Tips: Creative : beginnings are critical
- Quick anecdote and some snappy dialogue: mood, good words, context to reflect character. Make sure the readers are right into the middle of the story.
(bit of backfill/explanation if you need – but not too much). - Middle paragraph: the problem/character reflection;
- Resolution: unexpected change.
Beginning/ anecdote
I waited for him at the bus stop, as I always did. Waiting to glare, waiting to mock and just waiting to make him uneasy. There he came, avoiding my glare as he always did and standing at the back of the queue.
“you gunna sit next to me at the back”, I quipped as I sized him up and revelled in his embarrassment.
When the bus came, I watched him hop on the front of the bus, and because he tried to avoid me, I delighted in sitting behind him, kicking his seat all the way to school as I often did, and he grimaced and said nothing, as usual.

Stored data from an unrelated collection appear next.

(* Let $S=\{s_1<\dots<s_{k_1}\}$ and $T=\{t_1<\dots<t_{k_2}\}$ be nonempty subsets of $\{1,\dots,n-1\}$ with $\max S+\min T\le n$ and $\min S+\max T\le n$, and let $D$ be the digraph of $T_n\langle S;T\rangle$. Let $v$ be a vertex of $D$ and let $a_2,\dots,a_{k_1},b_2,\dots,b_{k_2}$ be nonnegative integers. Then: (a) there is a directed walk $W$ in $D$ starting from $v$, of length $\ell$, containing exactly $a_i$ $s_i$-arcs and exactly $b_j$ $t_j$-arcs for each $2\le i\le k_1$ and $2\le j\le k_2$, where $$\ell\le\Big(\sum_{i=2}^{k_1}a_i+\sum_{j=2}^{k_2}b_j\Big)\Big(\max\Big\{\Big\lceil\tfrac{t_{k_2}}{s_1}\Big\rceil,\Big\lceil\tfrac{s_{k_1}}{t_1}\Big\rceil\Big\}+1\Big);$$ (b) for such a walk $W$, let $a_1$ and $b_1$ be the numbers of $s_1$-arcs and $t_1$-arcs in $W$. If integers $a\ge a_1$ and $b\ge b_1$ satisfy $$1\le v+as_1+\sum_{i=2}^{k_1}a_is_i-bt_1-\sum_{j=2}^{k_2}b_jt_j\le n,$$ then there is a directed walk in $D$ starting from $v$ containing exactly $a$ $s_1$-arcs, exactly $b$ $t_1$-arcs, and exactly $a_i$ $s_i$-arcs and $b_j$ $t_j$-arcs for all $2\le i\le k_1$, $2\le j\le k_2$.
   Context: $T_n\langle S;T\rangle$ is the $n\times n$ $(0,1)$-matrix whose $(i,j)$-entry is $1$ iff $j-i\in S$ or $i-j\in T$; its digraph $D$ has vertex set $[n]$ and arc $(i,j)$ iff that entry is $1$. An arc $u\to v$ of $D$ is an $s_i$-arc if $v-u=s_i$, and a $t_j$-arc if $u-v=t_j$. *)

From mathcomp Require Import all_boot all_order all_algebra.
Set Implicit Arguments. Unset Strict Implicit. Unset Printing Implicit Defensive.

(* S and T are given as strictly increasing sequences
   S = [:: s_1; ...; s_k1] (so s_i = nth 0 S (i-1), 0-based in Rocq). *)
Definition Darc (n : nat) (S T : seq nat) (x y : nat) : bool :=
  [&& 1 <= x <= n, 1 <= y <= n &
      ((x < y) && (y - x \in S)) || ((y < x) && (x - y \in T))].

(* A directed walk from v is the list w of vertices visited after v;
   its length is size w. *)
Definition is_walk (n : nat) (S T : seq nat) (v : nat) (w : seq nat) : bool :=
  (1 <= v <= n) && path (Darc n S T) v w.

Definition num_sarcs (s v : nat) (w : seq nat) : nat :=
  count (fun p : nat * nat => p.2 == p.1 + s) (zip (v :: w) w).

Definition num_tarcs (t v : nat) (w : seq nat) : nat :=
  count (fun p : nat * nat => p.1 == p.2 + t) (zip (v :: w) w).

Definition ceildiv (m d : nat) : nat := (m + d.-1) %/ d.

From mathcomp Require Import all_boot all_order all_algebra zify.
Import GRing.Theory Num.Theory.

Set Implicit Arguments.
Unset Strict Implicit.
Unset Printing Implicit Defensive.

(* Walks built from s1-arcs and t1-arcs alone realise any net displacement
   p s1 - q t1 whose endpoint lies in [1, n]: since s1 + t1 <= n, whenever an
   s1-step leaves [1, n] a t1-step does not, so steps can be taken greedily.
   Part (b) appends such a walk to W, the displacement still needed being read
   off from the arc counts of W.  For part (a), each prescribed s_i-arc is
   preceded by at most ceil(s_k1 / t1) t1-arcs that bring the walk low enough
   for the s_i-arc to fit, and symmetrically for each prescribed t_j-arc. *)

Lemma ceildivP m d : 0 < d -> m <= ceildiv m d * d < m + d.
Proof.
case: d => // d _; rewrite /ceildiv /=.
have := divn_eq (m + d) d.+1; have := ltn_pmod (m + d) (ltn0Sn d); lia.
Qed.

Lemma leq_ceildiv d m m' : m <= m' -> ceildiv m d <= ceildiv m' d.
Proof. by move=> le_mm'; rewrite leq_div2r // leq_add2r. Qed.

Lemma descent_steps c d x m : 0 < c -> 1 <= x <= m -> d + c <= m ->
  exists q, [/\ q <= ceildiv d c, q * c < x & x - q * c + d <= m].
Proof.
move=> c_gt0 x_in dc_le; case: (leqP (x + d) m) => xd; first by exists 0; split; lia.
exists (ceildiv (x + d - m) c); split; first by apply: leq_ceildiv; lia.
all: have := ceildivP (x + d - m) c_gt0; lia.
Qed.

Lemma ascent_steps c d x m : 0 < c -> 1 <= x <= m -> d + c <= m ->
  exists p, [/\ p <= ceildiv d c, d < x + p * c & x + p * c <= m].
Proof.
move=> c_gt0 x_in dc_le; case: (ltnP d x) => dx; first by exists 0; split; lia.
exists (ceildiv (d.+1 - x) c); split; first by apply: leq_ceildiv; lia.
all: have := ceildivP (d.+1 - x) c_gt0; lia.
Qed.

Lemma sum_uniq_indicator (s : seq nat) d :
  uniq s -> \sum_(i <- s) (d == i) * i = (d \in s) * d.
Proof.
elim: s => [|x s IH] /=; first by rewrite big_nil.
case/andP=> xs us; rewrite big_cons IH // inE.
by case: eqP => [->|_]; rewrite ?(negbTE xs) ?mul0n ?muln0 ?addn0.
Qed.

Lemma big_nat_decr m k (a : nat -> nat) j : m <= j < k -> 0 < a j ->
  \sum_(m <= i < k) a i = (\sum_(m <= i < k) (a i - (i == j))).+1.
Proof.
move=> jr aj; rewrite !(bigD1_seq j) ?mem_index_iota ?iota_uniq //=.
rewrite eqxx subn1 -addSn prednK //.
by congr (_ + _); apply: eq_bigr => i /negbTE ->; rewrite subn0.
Qed.

Lemma sum_seq_nth0 (F : nat -> nat) (s : seq nat) : 0 < size s ->
  \sum_(x <- s) F x = F (nth 0 s 0) + \sum_(1 <= i < size s) F (nth 0 s i).
Proof. by move=> s_gt0; rewrite (big_nth 0) big_ltn. Qed.

Lemma sorted_ltn_le_last (s : seq nat) : sorted ltn s ->
  {in s, forall x, x <= nth 0 s (size s).-1}.
Proof.
move=> ss x /(nthP 0) [i i_lt <-].
(* Restate [i_lt] at type [nat]: [nthP] produces [size] at an [eqType] sort that [lia]
   would treat as a different atom. *)
have {}i_lt : i < size s := i_lt.
apply: (sorted_leq_nth leq_trans leqnn 0 (sub_sorted (fun x y => @ltnW x y) ss)).
all: rewrite ?inE /=; lia.
Qed.

Lemma sorted_ltn_room (s : seq nat) m n : sorted ltn s ->
  nth 0 s (size s).-1 + m <= n -> {in s, forall x, x + m <= n}.
Proof.
by move=> ss room x /(sorted_ltn_le_last ss) le_x; apply: leq_trans room; rewrite leq_add2r.
Qed.

Lemma sorted_ltn_ceildiv (s : seq nat) d K : sorted ltn s ->
  ceildiv (nth 0 s (size s).-1) d <= K -> {in s, forall x, ceildiv x d <= K}.
Proof. by move=> ss le_K x /(sorted_ltn_le_last ss) /(leq_ceildiv d) /leq_trans; apply. Qed.


Lemma nth_uniq_neq0 (x : seq nat) i : uniq x -> 1 <= i < size x -> nth 0 x i != nth 0 x 0.
Proof.
move=> ux /andP[i_gt0 i_lt]; rewrite nth_uniq // -?lt0n //.
exact: leq_ltn_trans (leq0n i) i_lt.
Qed.

Definition only_arcs (s t v : nat) (w : seq nat) : bool :=
  all (fun p : nat * nat => (p.2 == p.1 + s) || (p.1 == p.2 + t)) (zip (v :: w) w).

Lemma num_sarcs_cons s v x w :
  num_sarcs s v (x :: w) = (x == v + s) + num_sarcs s x w.
Proof. by []. Qed.

Lemma num_tarcs_cons t v x w :
  num_tarcs t v (x :: w) = (v == x + t) + num_tarcs t x w.
Proof. by []. Qed.

Lemma only_arcs_cons s t v x w :
  only_arcs s t v (x :: w) = ((x == v + s) || (v == x + t)) && only_arcs s t x w.
Proof. by []. Qed.

Lemma zip_walk_cat (A : Type) (v : A) w1 w2 :
  zip (v :: w1 ++ w2) (w1 ++ w2) = zip (v :: w1) w1 ++ zip (last v w1 :: w2) w2.
Proof. by elim: w1 v => [|x w1 IH] v //=; rewrite IH. Qed.

Lemma num_sarcs_cat s v w1 w2 :
  num_sarcs s v (w1 ++ w2) = num_sarcs s v w1 + num_sarcs s (last v w1) w2.
Proof. by rewrite /num_sarcs zip_walk_cat count_cat. Qed.

Lemma num_tarcs_cat t v w1 w2 :
  num_tarcs t v (w1 ++ w2) = num_tarcs t v w1 + num_tarcs t (last v w1) w2.
Proof. by rewrite /num_tarcs zip_walk_cat count_cat. Qed.

Lemma num_sarcs_only s t v w s' :
  0 < t -> only_arcs s t v w -> s' != s -> num_sarcs s' v w = 0.
Proof.
move=> t_gt0 /allP only /eqP ne.
rewrite /num_sarcs (eq_in_count (a2 := pred0)) ?count_pred0 //.
by case=> x y /only /orP[] /eqP -> /=; apply/negbTE/eqP; lia.
Qed.

Lemma num_tarcs_only s t v w t' :
  0 < s -> only_arcs s t v w -> t' != t -> num_tarcs t' v w = 0.
Proof.
move=> s_gt0 /allP only /eqP ne.
rewrite /num_tarcs (eq_in_count (a2 := pred0)) ?count_pred0 //.
by case=> x y /only /orP[] /eqP -> /=; apply/negbTE/eqP; lia.
Qed.

Lemma size_only_arcs s t v w : 0 < s -> only_arcs s t v w ->
  size w = num_sarcs s v w + num_tarcs t v w.
Proof.
move=> s_gt0 only; rewrite /num_sarcs /num_tarcs -count_predUI.
rewrite (eq_in_count (a1 := predI _ _) (a2 := pred0)) ?count_pred0; last first.
  by case=> x y _ /=; apply/negbTE/negP => /andP[/eqP ? /eqP ?]; lia.
move: only; rewrite /only_arcs all_count size_zip /= (minn_idPr (leqnSn _)) => /eqP <-.
by rewrite addn0; apply: eq_count => -[].
Qed.

Section Walks.

Variables (n : nat) (S T : seq nat).

Local Notation walk := (path (Darc n S T)).

Lemma Darc_up x d : 1 <= x -> x + d <= n -> 0 < d -> d \in S -> Darc n S T x (x + d).
Proof.
move=> *; rewrite /Darc addKn.
by apply/and3P; split; [lia | lia | apply/orP; left; apply/andP; split; [lia|]].
Qed.

Lemma Darc_down x d : x <= n -> d < x -> 0 < d -> d \in T -> Darc n S T x (x - d).
Proof.
move=> *; rewrite /Darc subKn; last by lia.
by apply/and3P; split; [lia | lia | apply/orP; right; apply/andP; split; [lia|]].
Qed.

Lemma last_walk_in_range v w : 1 <= v <= n -> walk v w -> 1 <= last v w <= n.
Proof.
elim: w v => [|x w IH] v //= _ /andP[vx xw]; apply: IH xw.
by case/and3P: vx.
Qed.

Lemma arc_displacement x y : uniq S -> uniq T -> Darc n S T x y ->
  y + \sum_(t <- T) (x == y + t) * t = x + \sum_(s <- S) (y == x + s) * s.
Proof.
move=> uS uT /and3P[_ _ /orP[] /andP[lt_xy d_in]].
- move: d_in; have [d -> d_gt0] : exists2 d, y = x + d & 0 < d by exists (y - x); lia.
  rewrite addKn => d_in; rewrite big1 => [|t _]; last first.
    by rewrite (_ : _ == _ = false) //; apply/negbTE/eqP; lia.
  under eq_bigr do rewrite eqn_add2l.
  by rewrite sum_uniq_indicator // d_in; lia.
- move: d_in; have [d -> d_gt0] : exists2 d, x = y + d & 0 < d by exists (x - y); lia.
  rewrite addKn => d_in; rewrite [X in _ = _ + X]big1 => [|s _]; last first.
    by rewrite (_ : _ == _ = false) //; apply/negbTE/eqP; lia.
  under eq_bigr do rewrite eqn_add2l.
  by rewrite sum_uniq_indicator // d_in; lia.
Qed.

Lemma walk_displacement v w : uniq S -> uniq T -> walk v w ->
  last v w + \sum_(t <- T) num_tarcs t v w * t = v + \sum_(s <- S) num_sarcs s v w * s.
Proof.
move=> uS uT; elim: w v => [|x w IH] v /=; first by rewrite !big1.
case/andP=> /(arc_displacement uS uT) vx /IH xw.
under eq_bigr do rewrite num_tarcs_cons mulnDl.
under [in RHS]eq_bigr do rewrite num_sarcs_cons mulnDl.
by rewrite !big_split /=; lia.
Qed.

Section TwoArcWalks.

Variables s t : nat.
Hypotheses (sS : s \in S) (tT : t \in T) (s_gt0 : 0 < s) (t_gt0 : 0 < t).
Hypothesis st_le : s + t <= n.

Lemma two_arc_walk p q x y : 1 <= x <= n -> 1 <= y <= n -> x + p * s = y + q * t ->
  exists w, [/\ walk x w, last x w = y, only_arcs s t x w,
                num_sarcs s x w = p & num_tarcs t x w = q].
Proof.
move=> + y_in; have [k] := ubnP (p + q); elim: k p q x => // k IH p q x pq_lt x_in e.
case: (posnP (p + q)) => [pq0 | pq_gt0].
  have [p0 q0] : p = 0 /\ q = 0 by lia.
  by exists [::]; split=> //=; move: e; rewrite p0 q0 !mul0n !addn0.
case: (boolP ((0 < p) && (x + s <= n))) => [/andP[p_gt0 xs_le] | no_up].
  have [|||w [xw wl wo ws wt]] := IH p.-1 q (x + s); [lia | lia | |].
    by move: e; case: (p) p_gt0 => // p' _; rewrite mulSn; lia.
  exists (x + s :: w); split=> //=; rewrite ?wl //.
  - by rewrite Darc_up //; lia.
  - by rewrite only_arcs_cons wo eqxx.
  - by rewrite num_sarcs_cons eqxx ws; lia.
  - by rewrite num_tarcs_cons wt (_ : _ == _ = false) //; apply/negbTE/eqP; lia.
have [q_gt0 tx_lt] : 0 < q /\ t < x.
  by move: e no_up pq_gt0; case: (p) => [|p']; case: (q) => [|q']; rewrite ?mulSn; lia.
have [|||w [xw wl wo ws wt]] := IH p q.-1 (x - t); [lia | lia | |].
  by move: e; case: (q) q_gt0 => // q' _; rewrite mulSn; lia.
exists (x - t :: w); split=> //=; rewrite ?wl //.
- by rewrite Darc_down //; lia.
- by rewrite only_arcs_cons wo subnK ?eqxx ?orbT //; lia.
- by rewrite num_sarcs_cons ws (_ : _ == _ = false) //; apply/negbTE/eqP; lia.
- by rewrite num_tarcs_cons wt subnK ?eqxx //; lia.
Qed.

Lemma sarc_block d x : d \in S -> 0 < d -> d + t <= n -> 1 <= x <= n ->
  exists w, [/\ walk x w, size w <= (ceildiv d t).+1,
                forall s', s' != s -> num_sarcs s' x w = (s' == d) &
                forall t', t' != t -> num_tarcs t' x w = 0].
Proof.
move=> dS d_gt0 dt_le x_in; have [q [q_le qt_lt room]] := descent_steps t_gt0 x_in dt_le.
have [||w [xw wl wo ws wt]] := @two_arc_walk 0 q x (x - q * t) x_in; [lia | lia |].
exists (w ++ [:: x - q * t + d]); split.
- by rewrite cat_path xw wl /= andbT Darc_up //; lia.
- by rewrite size_cat (size_only_arcs s_gt0 wo) ws wt /=; lia.
- move=> s' ne; rewrite num_sarcs_cat (num_sarcs_only t_gt0 wo ne) wl.
  by rewrite num_sarcs_cons eqn_add2l eq_sym addn0.
- move=> t' ne; rewrite num_tarcs_cat (num_tarcs_only s_gt0 wo ne) wl num_tarcs_cons.
  by rewrite (_ : _ == _ = false) //; apply/negbTE/eqP; lia.
Qed.

Lemma tarc_block d x : d \in T -> 0 < d -> d + s <= n -> 1 <= x <= n ->
  exists w, [/\ walk x w, size w <= (ceildiv d s).+1,
                forall s', s' != s -> num_sarcs s' x w = 0 &
                forall t', t' != t -> num_tarcs t' x w = (t' == d)].
Proof.
move=> dT d_gt0 ds_le x_in; have [p [p_le dx_lt room]] := ascent_steps s_gt0 x_in ds_le.
have [||w [xw wl wo ws wt]] := @two_arc_walk p 0 x (x + p * s) x_in; [lia | lia |].
exists (w ++ [:: x + p * s - d]); split.
- by rewrite cat_path xw wl /= andbT Darc_down.
- by rewrite size_cat (size_only_arcs s_gt0 wo) ws wt /=; lia.
- move=> s' ne; rewrite num_sarcs_cat (num_sarcs_only t_gt0 wo ne) wl num_sarcs_cons.
  by rewrite (_ : _ == _ = false) //; apply/negbTE/eqP; lia.
- move=> t' ne; rewrite num_tarcs_cat (num_tarcs_only s_gt0 wo ne) wl num_tarcs_cons.
  by rewrite addn0; apply/eqP/eqP; lia.
Qed.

Problem/middle/development
However, increasingly it didn’t make me feel better. The more I tormented him, the worse I felt. Perhaps because I knew just how horrible it was to be treated with contempt.
My father had a habit of treating me like a fool and it wasn’t pleasant. One of my worst memories is the hair cut he presented to me on my 10th birthday using the shearing cutters that his own father used to use for his 500 sheep. Bleeding, I had turned up at school and with a bloodied scalp, spread the message that it was the scissors.
ETC. ETC….
Resolution
So on the last day of term, I resolved, I don’t know why, to make a change. Was it the weather? Was it the fact that my father had left the home? I just don’t know. It might have been the look in my teacher’s eye. But on this particular day, when Trifford tried to ignore me as usual, I managed a quick “sorry” under my breath.
I think he stopped for one short moment. I suspect he gasped, but for some reason he did not hurry to the front of the bus as he usually did.